▶ **WORK ORDER**: Below this sentence is a listing; return exactly its lines from the one with "destruct (Hadh (map" to the one with "assert (Happ : forall", both kept, and nothing more.

▶ **RECORDS FOR THE TASK**:
"""

(* For [l] uniformly [d]-close to [f], every type of [i], hence every element of the
   convex hull, gives [l] a value at least [-d]; one of them is close to [P] on the
   sets of [l]. *)
Lemma integral_nonneg_of_adherent i P f : pba A P -> adherent A (conv_types t i) P ->
  B_fun A f -> (forall w, 0 <= integral A (t i w) f) -> 0 <= integral A P f.
Proof.
  intros HP Hadh Hf Hnn. pose proof type_space_field as HA.
  assert (Hlb : forall d, 0 < d -> - (3 * d) <= integral A P f).
  { intros d Hd. destruct (Hf d Hd) as [l [Hl Hdl]].
    assert (Hw : 0 < d / (weight l + 1))
      by (apply Rdiv_lt_0_compat; pose proof (weight_nonneg l); lra).
    destruct (Hadh (map snd l) (proj2 (Forall_map _ _ _) Hl) _ Hw) as [Q [HQ Hc]].
    pose proof (integral_spec A HA P HP f l d Hf Hl Hdl).
    pose proof (simple_int_closeF P Q l d Hd Hc).
    assert (- d <= simple_int Q l).
    { apply (simple_int_conv_lb i); auto. intros w.
      pose proof (integral_spec A HA (t i w) (types_pba i w) f l d Hf Hl Hdl).
      specialize (Hnn w). split_Rabs; lra. }
    split_Rabs; lra. }
  apply Rnot_lt_le; intros Hneg.
  assert (Hd : 0 < - integral A P f / 6) by lra.
  specialize (Hlb _ Hd). lra.
Qed.

Lemma consistent_jointly_approximable : consistent A t ->
  forall I, jointly_approximable A (conv_types t) I.
Proof.
  intros Hc I F HF e He. destruct HT as [[j] _].
  destruct (Hc (j :: I)) as [P HP].
  assert (Happ : forall i, In i (j :: I) -> exists Q, conv_types t i Q /\
            forall E, In E F -> Rabs (integral A P (indicator E) - Q E) < e / 2).
  { intros i Hi. apply (wstar_closure_approx A type_space_field);
      [apply conv_types_pba|apply HP, Hi|exact HF|lra]. }
  destruct (Happ j (or_introl eq_refl)) as [Qj [HQj Hj]].
  exists Qj; split; [apply (conv_types_pba j), HQj|]. intros i Hi.
  destruct (Happ i (or_intror Hi)) as [Q [HQ Hi']]. exists Q; split; [exact HQ|].
  intros E HE. specialize (Hj E HE); specialize (Hi' E HE). split_Rabs; lra.
Qed.

Lemma semi_bet_types_nonneg I f : semi_bet A t I f ->
  forall i w, In i I -> 0 <= integral A (t i w) (f i).
Proof. intros [_ [_ Hcc]] i w Hi. destruct (Hcc w) as [S [_ [Sw HS]]]. exact (HS w Sw i Hi). Qed.

Theorem consistent_no_money_pump : consistent A t -> ~ money_pump A t.
Proof.
  intros Hc Hmp.
  destruct (pba_adherent_all A type_space_field (conv_types t) (fun _ => True)
              (fun I _ => consistent_jointly_approximable Hc I)) as [P [HP Hadh]].
  destruct (Hmp P HP) as [I [f [Hbet Hneg]]].
  assert (HB : forall i, In i I -> B_fun A (f i)) by apply Hbet.
  change (integral A P (fun w => lsum I (fun i => f i w)) < 0) in Hneg.
  rewrite (integral_lsum A type_space_field P HP I f HB) in Hneg.
  enough (0 <= lsum I (fun i => integral A P (f i))) by lra.
  apply lsum_nonneg; intros i Hi.
  apply (integral_nonneg_of_adherent i); auto.
  intros w; apply (semi_bet_types_nonneg I); auto.
Qed.

Lemma commonly_certain_everywhere I (G : @set Omega) w :
  (forall w', G w') -> commonly_certain A t I G w.
Proof.
  intros HG. exists setT. split; [split|split; [exact Logic.I|intros w' _; apply HG]].
  - exists w; exact Logic.I.
  - exists setT. split; [apply type_space_field|split; [auto|]].
    intros w' _ i _. destruct (types_pba i w') as [_ [_ H1]]. exact H1.
Qed.

Section Separation.
Variables (i0 : N) (I' : list N) (F : list (@set Omega)) (e : R).
Hypothesis HnD : NoDup (i0 :: I').
Hypothesis HF : Forall A F.
Hypothesis He : 0 < e.
Hypothesis Hfar : forall P, pba A P ->
  exists i, In i (i0 :: I') /\ ~ approx_by (conv_types t i) P F e.

Definition type_profile (T : N -> @set Omega -> R) :=
  forall i, In i (i0 :: I') -> conv_types t i (T i).

Definition gap (T : N -> @set Omega -> R) (p : N * @set Omega) : R :=
  T (fst p) (snd p) - T i0 (snd p).

Lemma type_profile_bounds T i E : type_profile T -> In i (i0 :: I') -> In E F ->
  0 <= T i E <= 1.
Proof.
  intros HTp Hi HE. rewrite Forall_forall in HF.
  exact (pba_bounds A type_space_field _ (conv_types_pba i _ (HTp i Hi)) E (HF E HE)).
Qed.

Lemma type_profile_gap_far T : type_profile T ->
  e * e <= dot (list_prod I' F) (gap T) (gap T).
Proof.
  intros HTp. destruct (Hfar (T i0) (conv_types_pba i0 _ (HTp i0 (or_introl eq_refl))))
    as [i [Hi Hnear]].
  assert (Hnclose : ~ closeF (T i0) (T i) F e) by (intros Hc; apply Hnear; exists (T i); auto).
  destruct (not_closeF _ _ _ _ Hnclose) as [E [HE Hle]].
  destruct Hi as [<-|Hi]; [rewrite Rminus_diag, Rabs_R0 in Hle; lra|].
  apply (Rle_trans _ (gap T (i, E) * gap T (i, E))).
  - unfold gap; simpl. rewrite Rabs_minus_sym in Hle. split_Rabs; nra.
  - apply (lsum_term_le _ (fun p => gap T p * gap T p)); [intros; nra|apply in_prod; auto].
Qed.

Lemma far_profiles_separated (w0 : Omega) : exists u, forall T, type_profile T ->
  e * e / 2 <= dot (list_prod I' F) u (gap T).
Proof.
  destruct (convex_separation (list_prod I' F) (fun u => exists T, type_profile T /\ u = gap T))
    with (e := e) as [u [[T1 [_ ->]] Hsep]]; auto.
  - exists (gap (fun i => t i w0)), (fun i => t i w0). split; auto.
    intros i _; apply conv_types_point.
  - intros u v s [T1 [HT1 ->]] [T2 [HT2 ->]] Hs.
    exists (fun i E => s * T1 i E + (1 - s) * T2 i E). split.
    + intros i Hi; apply conv_types_comb; auto.
    + apply functional_extensionality; intros p; unfold gap; ring.
  - intros u [i E] [T [HTp ->]] Hp. apply in_prod_iff in Hp as [Hi HE].
    pose proof (type_profile_bounds T i E HTp (or_intror Hi) HE).
    pose proof (type_profile_bounds T i0 E HTp (or_introl eq_refl) HE).
    unfold gap; simpl. split_Rabs; lra.
  - intros u [T [HTp ->]]. apply type_profile_gap_far, HTp.
  - exists (gap T1); intros T HTp. apply Hsep. eauto.
Qed.

(* Player [i0] takes the opposite side of every bet of the others, so the bets cancel. *)
Definition bet_coef (u : N * @set Omega -> R) (i : N) (E : @set Omega) : R :=
  if excluded_middle_informative (i = i0) then - lsum I' (fun j => u (j, E)) else u (i, E).

Lemma bet_coef_pairing u (x : N -> @set Omega -> R) :
  lsum (i0 :: I') (fun i => lsum F (fun E => bet_coef u i E * x i E)) =
  dot (list_prod I' F) u (fun p => x (fst p) (snd p) - x i0 (snd p)).
Proof.
  apply NoDup_cons_iff in HnD as [Hi0 _].
  unfold dot; rewrite lsum_list_prod; cbn [fst snd].
  change (lsum F (fun E => bet_coef u i0 E * x i0 E) +
          lsum I' (fun i => lsum F (fun E => bet_coef u i E * x i E)) =
          lsum I' (fun j => lsum F (fun E => u (j, E) * (x j E - x i0 E)))).
  rewrite (lsum_ext I' (fun i => lsum F (fun E => bet_coef u i E * x i E))
             (fun j => lsum F (fun E => u (j, E) * x j E))).
  2: { intros j Hj; apply lsum_ext; intros E _; unfold bet_coef.
       destruct (excluded_middle_informative (j = i0)) as [->|]; [contradiction|reflexivity]. }
  rewrite (lsum_ext I' (fun j => lsum F (fun E => u (j, E) * (x j E - x i0 E)))
             (fun j => lsum F (fun E => u (j, E) * x j E) - lsum F (fun E => u (j, E) * x i0 E)))
    by (intros; rewrite <- lsum_sub; apply lsum_ext; intros; ring).
  rewrite lsum_sub, (lsum_swap I' F (fun j E => u (j, E) * x i0 E)).
  rewrite (lsum_ext F (fun E => bet_coef u i0 E * x i0 E)
             (fun E => -1 * lsum I' (fun j => u (j, E) * x i0 E))).
  - rewrite lsum_scal; ring.
  - intros E _; unfold bet_coef. destruct (excluded_middle_informative (i0 = i0)); [|congruence].
    replace (lsum I' (fun j => u (j, E) * x i0 E)) with (x i0 E * lsum I' (fun j => u (j, E)))
      by (rewrite <- lsum_scal; apply lsum_ext; intros; ring).
    ring.
Qed.

Definition bet (u : N * @set Omega -> R) (a : N -> R) (i : N) : list (R * @set Omega) :=
  (- a i, setT) :: map (fun E => (bet_coef u i E, E)) F.

Lemma bet_in u a i : simple_in A (bet u a i).
Proof. constructor; [apply type_space_field|]. apply Forall_map, HF. Qed.

Lemma simple_int_bet (mu : @set Omega -> R) u a i : mu setT = 1 ->
  simple_int mu (bet u a i) = - a i + lsum F (fun E => bet_coef u i E * mu E).
Proof.
  intros H1. unfold bet. rewrite simple_int_cons, simple_int_lsum, lsum_map; simpl.
  rewrite H1. ring.
Qed.

Lemma simple_eval_bet u a i w :
  simple_eval (bet u a i) w = - a i + lsum F (fun E => bet_coef u i E * indicator E w).
Proof.
  unfold bet. rewrite simple_eval_cons, simple_eval_lsum, lsum_map, indicator_in by exact Logic.I.
  simpl. ring.
Qed.

(* Each player's bet is shifted by the infimum of its value under his own types,
   making it acceptable to every type while keeping the total a negative constant. *)
Theorem semi_bet_of_far (w0 : Omega) : exists f c, semi_bet A t (i0 :: I') f /\ c < 0 /\
  forall w, lsum (i0 :: I') (fun i => f i w) = c.
Proof.
  pose proof type_space_field as HA.
  destruct (far_profiles_separated w0) as [u Hu].
  set (g := fun i w => lsum F (fun E => bet_coef u i E * t i w E)).
  destruct (lsum_inf_ge (i0 :: I') g (e * e / 2)) as [a [Ha Hsum]].
  - exact (inhabits w0).
  - intros i. exists (- lsum F (fun E => Rabs (bet_coef u i E))). intros w.
    replace (- lsum F (fun E => Rabs (bet_coef u i E)))
      with (lsum F (fun E => -1 * Rabs (bet_coef u i E))) by (rewrite lsum_scal; ring).
    apply lsum_le; intros E HE. rewrite Forall_forall in HF.
    pose proof (pba_bounds A HA _ (types_pba i w) E (HF E HE)). split_Rabs; nra.
  - intros xs. unfold g. rewrite (bet_coef_pairing u (fun i E => t i (xs i) E)).
    apply (Hu (fun i E => t i (xs i) E)). intros i _; apply conv_types_point.
  - exists (fun i => simple_eval (bet u a i)), (- lsum (i0 :: I') a). split; [|split].
    + split; [exact HnD|split].
      * intros i _; apply B_fun_simple, bet_in.
      * intros w; apply commonly_certain_everywhere. intros w' i Hi.
        rewrite (integral_simple A HA (t i w') (types_pba i w') (bet u a i));
          [|apply bet_in|reflexivity].
        rewrite simple_int_bet by apply (types_pba i w').
        specialize (Ha i w'). unfold g in Ha. lra.
    + nra.
    + intros w.
      rewrite (lsum_ext _ _ (fun i => - a i + lsum F (fun E => bet_coef u i E * indicator E w)))
        by (intros; apply simple_eval_bet).
      rewrite lsum_add, (bet_coef_pairing u (fun _ E => indicator E w)).
      unfold dot. rewrite (lsum_ext (list_prod I' F) _ (fun _ => 0)) by (intros; ring).
      rewrite lsum_const.
      replace (lsum (i0 :: I') (fun i => - a i)) with (-1 * lsum (i0 :: I') a)
        by (rewrite <- lsum_scal; apply lsum_ext; intros; ring).
      ring.
Qed.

"""

▶ **EXERCISE SOLUTION**:
    destruct (Hadh (map snd l) (proj2 (Forall_map _ _ _) Hl) _ Hw) as [Q [HQ Hc]].
    pose proof (integral_spec A HA P HP f l d Hf Hl Hdl).
    pose proof (simple_int_closeF P Q l d Hd Hc).
    assert (- d <= simple_int Q l).
    { apply (simple_int_conv_lb i); auto. intros w.
      pose proof (integral_spec A HA (t i w) (types_pba i w) f l d Hf Hl Hdl).
      specialize (Hnn w). split_Rabs; lra. }
    split_Rabs; lra. }
  apply Rnot_lt_le; intros Hneg.
  assert (Hd : 0 < - integral A P f / 6) by lra.
  specialize (Hlb _ Hd). lra.
Qed.

Lemma consistent_jointly_approximable : consistent A t ->
  forall I, jointly_approximable A (conv_types t) I.
Proof.
  intros Hc I F HF e He. destruct HT as [[j] _].
  destruct (Hc (j :: I)) as [P HP].
  assert (Happ : forall i, In i (j :: I) -> exists Q, conv_types t i Q /\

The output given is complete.